_WHAT IS NEEDED:_ Set down all of the entries exactly, leaving nothing out.
____ RECORDS SUPPLIED
(* Let $X=\sum_{p,q\ge0}x_{p,q}a^pb^q\in\tilde{\mathcal{A}}_{conv.}$ with $x_{0,0}=1$. Then $X$ is invertible in the algebra $\tilde{\mathcal{A}}_{conv.}$.
   Context: Let $\mathcal{A}_0$ be the $\mathbb{C}$-algebra of polynomials in $a,b$ subject to $ab-ba=b^2$, and $\widehat{\mathcal{A}}$ its completion for the $(a,b)$-adic topology, i.e. the algebra of formal power series $\sum_{p,q\ge0}\gamma_{p,q}a^pb^q$ with product extending that of $\mathcal{A}_0$. $\tilde{\mathcal{A}}_{conv.}\subset\widehat{\mathcal{A}}$ is the subalgebra of those series for which there exist $R>1$, $C_R>0$ with $|\gamma_{p,q}|\le C_RR^{p+q}q!$ for all $p,q\in\mathbb{N}$. *)

From HB Require Import structures.
From mathcomp Require Import all_boot all_order all_algebra.
From mathcomp Require Import complex.
From mathcomp Require Import reals.
Set Implicit Arguments. Unset Strict Implicit. Unset Printing Implicit Defensive.
Import Order.TTheory GRing.Theory Num.Theory.
Local Open Scope ring_scope.
Local Open Scope complex_scope.

(* A formal series  sum_{p,q} X p q a^p b^q  in normally ordered monomials
   (a's on the left, b's on the right) of the completion \hat A of
   A_0 = C<a,b>/(ab - ba = b^2). *)
Definition aseries (R : realType) := nat -> nat -> R[i].

Definition rising (q k : nat) : nat := \prod_(i < k) (q + i).
(* Let $R$ be a commutative ring, $C=(c_{ij})_{i,j=1}^n$ a matrix with entries in $R$, and ${\bf a}=(a_i)_{i=1}^n$, ${\bf b}=(b_i)_{i=1}^n$ vectors with entries in $R$. Then $$\det({\bf a}{\bf b}^{\mathrm T}-C)=\det(-C)+\sum_{\vec G}(-1)^{\#(\text{cycles of }\vec G)}\,b_{s(\vec G)}\,a_{t(\vec G)}\prod_{ij\in E(\vec G)}c_{ij},$$ where the sum runs over all directed graphs $\vec G$ on the vertex set $\{1,\ldots,n\}$ in which one connected component is a directed path (possibly of length $0$, i.e. an isolated vertex) from a source $s(\vec G)$ to a sink $t(\vec G)$ and all other connected components are directed cycles (possibly of length $1$, i.e. a loop $ii$).
   Context: In a directed graph, $ij\in E(\vec G)$ denotes a directed edge from $i$ to $j$ (a loop $ii$ contributes $c_{ii}$). Every vertex of $\{1,\ldots,n\}$ belongs to exactly one component of $\vec G$. The determinant is $\det A=\sum_{\pi}\mathrm{sgn}(\pi)\prod_i a_{i\pi(i)}$. *)

From mathcomp Require Import all_boot all_order all_algebra all_fingroup.
Set Implicit Arguments. Unset Strict Implicit. Unset Printing Implicit Defensive.
Import GRing.Theory.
________
_WRITTEN SOLUTION:_
(* Let $X=\sum_{p,q\ge0}x_{p,q}a^pb^q\in\tilde{\mathcal{A}}_{conv.}$ with $x_{0,0}=1$. Then $X$ is invertible in the algebra $\tilde{\mathcal{A}}_{conv.}$.
   Context: Let $\mathcal{A}_0$ be the $\mathbb{C}$-algebra of polynomials in $a,b$ subject to $ab-ba=b^2$, and $\widehat{\mathcal{A}}$ its completion for the $(a,b)$-adic topology, i.e. the algebra of formal power series $\sum_{p,q\ge0}\gamma_{p,q}a^pb^q$ with product extending that of $\mathcal{A}_0$. $\tilde{\mathcal{A}}_{conv.}\subset\widehat{\mathcal{A}}$ is the subalgebra of those series for which there exist $R>1$, $C_R>0$ with $|\gamma_{p,q}|\le C_RR^{p+q}q!$ for all $p,q\in\mathbb{N}$. *)

From HB Require Import structures.
From mathcomp Require Import all_boot all_order all_algebra.
From mathcomp Require Import complex.
From mathcomp Require Import reals.
Set Implicit Arguments. Unset Strict Implicit. Unset Printing Implicit Defensive.
Import Order.TTheory GRing.Theory Num.Theory.
Local Open Scope ring_scope.
Local Open Scope complex_scope.

(* A formal series  sum_{p,q} X p q a^p b^q  in normally ordered monomials
   (a's on the left, b's on the right) of the completion \hat A of
   A_0 = C<a,b>/(ab - ba = b^2). *)
Definition aseries (R : realType) := nat -> nat -> R[i].

Definition rising (q k : nat) : nat := \prod_(i < k) (q + i).
(* Let $R$ be a commutative ring, $C=(c_{ij})_{i,j=1}^n$ a matrix with entries in $R$, and ${\bf a}=(a_i)_{i=1}^n$, ${\bf b}=(b_i)_{i=1}^n$ vectors with entries in $R$. Then $$\det({\bf a}{\bf b}^{\mathrm T}-C)=\det(-C)+\sum_{\vec G}(-1)^{\#(\text{cycles of }\vec G)}\,b_{s(\vec G)}\,a_{t(\vec G)}\prod_{ij\in E(\vec G)}c_{ij},$$ where the sum runs over all directed graphs $\vec G$ on the vertex set $\{1,\ldots,n\}$ in which one connected component is a directed path (possibly of length $0$, i.e. an isolated vertex) from a source $s(\vec G)$ to a sink $t(\vec G)$ and all other connected components are directed cycles (possibly of length $1$, i.e. a loop $ii$).
   Context: In a directed graph, $ij\in E(\vec G)$ denotes a directed edge from $i$ to $j$ (a loop $ii$ contributes $c_{ii}$). Every vertex of $\{1,\ldots,n\}$ belongs to exactly one component of $\vec G$. The determinant is $\det A=\sum_{\pi}\mathrm{sgn}(\pi)\prod_i a_{i\pi(i)}$. *)

From mathcomp Require Import all_boot all_order all_algebra all_fingroup.
Set Implicit Arguments. Unset Strict Implicit. Unset Printing Implicit Defensive.
Import GRing.Theory.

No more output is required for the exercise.